Историческая проза журнала не сводится, однако, к констатации исторических фактов. В смысловом центре «Романа-газеты» – представление о Слове Боге. Оно всегда живо и всегда современно. Вот почему в художественной прозе журнала в параллели с историей говорится о современных религиозных проблемах.
Они не ставятся логически абстрактно и связываются с такими христианскими началами, как милосердие к страдающему человеку, милость к падшим.
Если проза журнала связывается со взаимоотношениями Бога и человека, то поэзия «Романа-газеты» связывается с патриотическим началом. Оно предстаёт в тихом блеске русской осени или в трогательной тишине отеческих могил.
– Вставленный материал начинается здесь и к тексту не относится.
(* A stretch of an orbit inside the eta-neighbourhood of CR(f), anchored at CR
   points eta-close to its ends, is traced by a del-chain through CR(f):
   replace each orbit point by an eta-close CR point. *)
Lemma stretch_CR_chain z a b i j : (i < j)%nat ->
  (forall t, (i <= t)%nat -> (t <= j)%nat -> near_CR eta (orbit z t)) ->
  CR d f a -> CR d f b -> d a (orbit z i) < eta -> d b (orbit z j) < eta ->
  CR_chain a b (j - i).
Proof.
  intros Hij HV Ha Hb Hai Hbj.
  assert (Hpick : forall w, exists p, near_CR eta w -> CR d f p /\ d p w < eta).
  { intro w. destruct (classic (near_CR eta w)) as [[p Hp]|Hn]; [exists p; auto|exists w; tauto]. }
  destruct (choice _ Hpick) as [pick Hpicks].
  set (g := (j - i)%nat).
  set (c := fun k => if Nat.eqb k 0 then a else if Nat.eqb k g then b else pick (orbit z (i + k))).
  assert (Hinner : forall k, (k <= g)%nat -> k <> 0%nat -> k <> g ->
                     CR d f (c k) /\ d (c k) (orbit z (i + k)) < eta).
  { intros k Hk H0 Hg. unfold c. rewrite (proj2 (Nat.eqb_neq k 0) H0), (proj2 (Nat.eqb_neq k g) Hg).
    apply Hpicks, HV; unfold g in *; lia. }
  exists c. split; [|split; [|split]].
  - apply (shadow_chain z i); [unfold g; lia|]. intros k Hk.
    destruct (Nat.eq_dec k 0) as [->|H0]; [now rewrite Nat.add_0_r|].
    destruct (Nat.eq_dec k g) as [->|Hg]; [|apply Hinner; auto].
    unfold c. rewrite Nat.eqb_refl. destruct (Nat.eqb_spec g 0); [unfold g in *; lia|].
    now replace (i + g)%nat with j by (unfold g; lia).
  - intros k Hk.
    destruct (Nat.eq_dec k 0) as [->|H0]; [exact Ha|].
    destruct (Nat.eq_dec k g) as [->|Hg]; [|apply Hinner; auto].
    unfold c. rewrite Nat.eqb_refl. destruct (Nat.eqb_spec g 0); [unfold g in *; lia|exact Hb].
  - reflexivity.
  - unfold c. rewrite Nat.eqb_refl. destruct (Nat.eqb_spec g 0); [unfold g in *; lia|reflexivity].
Qed.

(* For an entropy pair of CR points there is a CR-chain from y back to x:
   otherwise, on each stretch near CR(f), the visits to the ball around x all
   precede the first visit to the ball around y, forcing zero entropy. *)
Lemma back_chain x y : entropy_pair d f x y -> CR d f x -> CR d f y ->
  exists q, CR_chain y x q.
Proof.
  intros He HCx HCy.
  destruct (separating_radius x y eta (proj1 He) Heta_pos) as [r [Hr [Hreta Hrxy]]].
  destruct (entropy_pair_balls x y r He Hr Hrxy) as [h [Hent Hh]].
  destruct (near_CR_exit_times x eta Heta_pos) as [M HM].
  apply NNPP. intro Hnone. apply (Rlt_not_le _ _ Hh).
  refine (zero_entropy_criterion x (near_CR eta) _ _ (fun s i => (i < s)%nat) M
            (near_CR_ball x r HCx Hreta) (near_CR_ball y r HCy Hreta) HM _ h Hent).
  intros z n I HI HV.
  destruct (first_visit I (fun i => ball r y (orbit z i)) n HI) as [s [Hs [Hmin Hvis]]].
  exists s. split; [exact Hs|]. intros i Hi. split.
  - intro HA. destruct (Nat.lt_ge_cases i s) as [|Hsi]; [assumption|exfalso].
    destruct Hvis as [->|[HIs HBs]]; [specialize (HI i Hi); lia|].
    destruct (Nat.eq_dec i s) as [->|Hne]; [exact (ball_disjoint r x y Hrxy _ (conj HA HBs))|].
    apply Hnone. exists (i - s)%nat.
    apply (stretch_CR_chain z); auto; [lia|intros t H1 H2; apply (HV s i t); auto|..];
      unfold ball in *; lra.
  - intros HB Hlt. specialize (Hmin i Hi HB). lia.
Qed.

(* Otherwise, after the first visit to the ball around x, the times of visits
   to the two balls are told apart by the lengths of loops at x. *)
Lemma forth_chain x y : entropy_pair d f x y -> CR d f x -> CR d f y ->
  exists p v, CR_chain x y p /\ (v = 0%nat \/ CR_chain x x v) /\ CR_chain x x (p + v).
Proof.
  intros He HCx HCy.
  destruct (separating_radius x y eta (proj1 He) Heta_pos) as [r [Hr [Hreta Hrxy]]].
  destruct (entropy_pair_balls x y r He Hr Hrxy) as [h [Hent Hh]].
  destruct (near_CR_exit_times x eta Heta_pos) as [M HM].
  set (loop := fun v => v = 0%nat \/ CR_chain x x v).
  apply NNPP. intro Hnone. apply (Rlt_not_le _ _ Hh).
  refine (zero_entropy_criterion x (near_CR eta) _ _
            (fun s i => (s <= i)%nat /\ exists v, loop v /\ loop (i - s + v)%nat) M
            (near_CR_ball x r HCx Hreta) (near_CR_ball y r HCy Hreta) HM _ h Hent).
  intros z n I HI HV.
  destruct (first_visit I (fun i => ball r x (orbit z i)) n HI) as [s [Hs [Hmin Hvis]]].
  exists s. split; [exact Hs|]. intros i Hi. specialize (HI i Hi) as Hin.
  destruct Hvis as [->|[HIs HAs]].
  { split; [intro HA; specialize (Hmin i Hi HA)|intros _ [Hle _]]; lia. }
  split.
  - intro HA. specialize (Hmin i Hi HA). split; [exact Hmin|].
    exists 0%nat. split; [now left|]. rewrite Nat.add_0_r.
    destruct (Nat.eq_dec i s) as [->|Hne]; [left; lia|right].
    apply (stretch_CR_chain z); auto; [lia|intros t H1 H2; apply (HV s i t); auto|..];
      unfold ball in *; lra.
  - intros HB [Hsi [v [Hv Hiv]]].
    destruct (Nat.eq_dec i s) as [->|Hne]; [exact (ball_disjoint r x y Hrxy _ (conj HAs HB))|].
    apply Hnone. exists (i - s)%nat, v. split; [|split; [exact Hv|]].
    + apply (stretch_CR_chain z); auto; [lia|intros t H1 H2; apply (HV s i t); auto|..];
        unfold ball in *; lra.
    + destruct Hiv as [Hiv|Hiv]; [lia|exact Hiv].
Qed.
Не потому ли русский язык в текстовом корпусе и смысловом поле «Романа-газеты» становится медиатором (проще говоря, посредником) между человеком и Богом? В результате государство не становится синонимом Церкви, но соответствует конкретно-исторической почве, на которой человеку подчас является его личный путь, его личное откровение, его личное Слово.
Геронимус Василий
Родился в Москве 15 февраля 1967 года. В 1993 окончил филфак МГУ (отделение русского языка и литературы). Там же поступил в аспирантуру и в 1997 защитил кандидатскую диссертацию по лирике Пушкина 10 - начала 20 годов. (В работе реализованы принципы лингвопоэтики, новой литературоведческой методологии, и дан анализ дискурса «ранней» лирики Пушкина). Кандидат филологических наук, член Российского Союза профессиональных литераторов (РСПЛ), член ЛИТО Московского Дома учёных, старший научный сотрудник Государственного историко-литературного музея-заповедника А.С. Пушкина (ГИЛМЗ, Захарово-Вязёмы). В 2010 попал в шорт-лист журнала «Za-Za» («Зарубежные задворки», Дюссельдорф) в номинации «Литературная критика». Публикуется в сборниках ГИЛМЗ («Хозяева и гости усадьбы Вязёмы», «Пушкин в Москве и Подмосковье»), в «Учительской газете» и в других гуманитарных изданиях. Живёт в Москве.